Regarding to the multiple connections, I also can't find a method or property to set it. But just came across the GRPC Performance Best Practices doc metioned:

Each gRPC channel uses 0 or more HTTP/2.

It also mentioed Create a separate channel for each area of high load, not sure if one stub can connect to a channel pool?

The commonly used grpc library tonic for rust language supports to create a channel with balance_list. https://github.com/vangork/test-async-grpc/blob/e558d84592a6d90aec8b67389e5a302aabb3e013/test-grpc-rust/src/main.rs#L26-L30. FYI

Answer 6 · 2022-03-21T09:35:21.000Z

Better performance is expected since your example uses a higher concurrency. I must say I do not know how to properly benchmark a gRPC client, I have only ever benchmarked servers using ghz. ghz differentiates between number of CPUs, maximum number of parallel in-flight requests (they call this 'concurrency') and number of connections (I assume this refers to the number of Channels). If we want to benchmark a gRPC client then we probably want to make all of these things configurable, so that we can play around with different values and see what works best.

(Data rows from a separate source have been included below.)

(* Let $\mathcal{A}$ be a pca and let $b\in\mathcal{A}$ satisfy $ba\simeq aa$ for all $a\in\mathcal{A}$. Then $b$ has a total extension in $\mathcal{A}$ if and only if every element of $\mathcal{A}$ has a total extension in $\mathcal{A}$.
   Context: A pca is a set $\mathcal{A}$ with partial binary application $ab$ (left associative, strict) containing $k,s$ with $kab=a$, $sab\downarrow$, $sabc\simeq ac(bc)$; $\simeq$ means both sides undefined or both defined and equal. An element $f$ is total if $fa$ is defined for all $a$; $f$ is a total extension of $b$ if $f$ is total and $ba\downarrow\Rightarrow fa=ba$ for all $a$. *)

(* A pca: carrier A with partial application modelled as
   app : A -> A -> option A (None = undefined). *)

Record pca := {
  carrier :> Type;
  app : carrier -> carrier -> option carrier;
  pk : carrier;
  ps : carrier
}.

Definition papp {A : pca} (x y : option (carrier A)) : option (carrier A) :=
  match x, y with
  | Some a, Some b => app A a b
  | _, _ => None
  end.

(* Kleene equality on option: both undefined or both defined and equal,
   which for option is just Leibniz equality. *)
Definition kleq {T : Type} (x y : option T) : Prop := x = y.

Definition is_pca (A : pca) : Prop :=
  (forall a b : carrier A,
      papp (papp (Some (pk A)) (Some a)) (Some b) = Some a) /\
  (forall a b : carrier A,
      exists d, papp (papp (Some (ps A)) (Some a)) (Some b) = Some d) /\
  (forall a b c : carrier A,
      kleq (papp (papp (papp (Some (ps A)) (Some a)) (Some b)) (Some c))
           (papp (papp (Some a) (Some c)) (papp (Some b) (Some c)))).

Definition total {A : pca} (f : carrier A) : Prop :=
  forall a : carrier A, exists d, app A f a = Some d.

Definition total_extension {A : pca} (f b : carrier A) : Prop :=
  total f /\ (forall a d : carrier A, app A b a = Some d -> app A f a = Some d).


(* Given a total extension f of b, extend c by h a := f (t_a), where t_a is the
   "frozen" application s (k c) (k a), so that t_a x = c a for every x.  Since
   b t_a = t_a t_a = c a whenever c a is defined, f t_a agrees with c a there;
   and h a is always defined because f is total.  The map a |-> t_a, and its
   composite with f, are represented in A by combinatory completeness. *)

Section PcaCombinators.

Variable A : pca.
Hypothesis HA : is_pca A.

Lemma app_k (a : carrier A) :
  exists ka, app A (pk A) a = Some ka /\ forall x, app A ka x = Some a.
Proof.
  destruct HA as [Hk _].
  pose proof (Hk a a) as Haa; simpl in Haa.
  destruct (app A (pk A) a) as [ka|] eqn:Eka; [|discriminate].
  exists ka; split; [reflexivity|].
  intro x; pose proof (Hk a x) as Hax; simpl in Hax.
  rewrite Eka in Hax; exact Hax.
Qed.

Lemma app_s (a b : carrier A) :
  exists sa sab, app A (ps A) a = Some sa /\ app A sa b = Some sab /\
    forall c, app A sab c = papp (app A a c) (app A b c).
Proof.
  destruct HA as [_ [Hs_def Hs]].
  destruct (Hs_def a b) as [sab Esab]; simpl in Esab.
  destruct (app A (ps A) a) as [sa|] eqn:Esa; [|discriminate].
  exists sa, sab; split; [reflexivity|]; split; [exact Esab|].
  intro c; pose proof (Hs a b c) as Habc; unfold kleq in Habc; simpl in Habc.
  rewrite Esa, Esab in Habc; exact Habc.
Qed.

Lemma app_comp (f g : carrier A) :
  exists h, forall a, app A h a = papp (Some f) (app A g a).
Proof.
  destruct (app_k f) as [kf [_ Hkf]].
  destruct (app_s kf g) as [_ [h [_ [_ Hh]]]].
  exists h; intro a; rewrite Hh, Hkf; reflexivity.
Qed.

Lemma app_delay (c : carrier A) :
  exists g, forall a, exists t, app A g a = Some t /\
    forall x, app A t x = app A c a.
Proof.
  (* g := s (s (k s) (k (k c))) k, so that g a = s (k c) (k a) =: t. *)
  destruct (app_k c) as [kc [_ Hkc]].
  destruct (app_k (ps A)) as [ks [_ Hks]].
  destruct (app_k kc) as [kkc [_ Hkkc]].
  destruct (app_s ks kkc) as [_ [g1 [_ [_ Hg1]]]].
  destruct (app_s g1 (pk A)) as [_ [g [_ [_ Hg]]]].
  exists g; intro a.
  destruct (app_k a) as [ka [Eka Hka]].
  destruct (app_s kc ka) as [skc [t [Eskc [Et Ht]]]].
  exists t; split.
  - rewrite Hg, Hg1, Hks, Hkkc; simpl.
    rewrite Eskc; simpl; rewrite Eka; exact Et.
  - intro x; rewrite Ht, Hkc, Hka; reflexivity.
Qed.

Lemma total_extension_of_diagonal (b f : carrier A) :
  (forall a, app A b a = app A a a) -> @total_extension A f b ->
  forall c, exists h, @total_extension A h c.
Proof.
  intros Hb [Ftot Fext] c.
  destruct (app_delay c) as [g Hg].
  destruct (app_comp f g) as [h Hh].
  exists h; split.
  - intro a; destruct (Hg a) as [t [Et _]].
    rewrite Hh, Et; apply Ftot.
  - intros a d Hd; destruct (Hg a) as [t [Et Ht]].
    rewrite Hh, Et; apply Fext.
    rewrite Hb, Ht; exact Hd.
Qed.

End PcaCombinators.

Theorem mainTheorem14 (A : pca) (HA : is_pca A) (b : carrier A)
  (Hb : forall a : carrier A, kleq (app A b a) (app A a a)) :
  (exists f : carrier A, total_extension f b) <->
  (forall c : carrier A, exists f : carrier A, total_extension f c).
Proof.
  split.
  - intros [f Hf]; exact (total_extension_of_diagonal A HA b f Hb Hf).
  - intro Hall; exact (Hall b).
Qed.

The Stub is coming from gRPC itself and from what I can see in its implementation it seems thread-safe. In your example there is only one thread that uses the Stub, so no sharing takes place anyways.

Creating a pool of Channels and distributing work among them sounds easy enough. I also found this recommendation in the .NET gRPC library:

Use a pool of gRPC channels, for example, create a list of gRPC channels. Random is used to pick a channel from the list each time a gRPC channel is needed. Using Random randomly distributes calls over multiple connections.
https://docs.microsoft.com/en-us/aspnet/core/grpc/performance?view=aspnetcore-6.0#connection-concurrency

I would personally use a round-robin strategy instead of Random.

I would create one Stub per Channel in such a pool (similar to here), instead of worrying about attaching one Stub to multiple Channels. A Stub is actually rather lightweight, so that shouldn't be an issue.

I think such a channel pool should not be part of asio-grpc seeing that it can be implemented entirely without asio-grpc and seeing that the gRPC team is working on making it unnecessary (see 'side note').

Answer 7 · 2022-03-25T10:15:51.000Z

I have adjusted the example here to create a configurable amount of GrpcContexts and Channels and round-robin distribute work among them. I hope that provides an idea on how to possibly implement it on your side.

Answer 8 · 2022-03-26T12:22:02.000Z

Thanks very much!

Answer 9 · 2022-04-04T17:49:55.000Z

I will close the issue here. If you have more questions or requests then do not hesitate to open another issue :).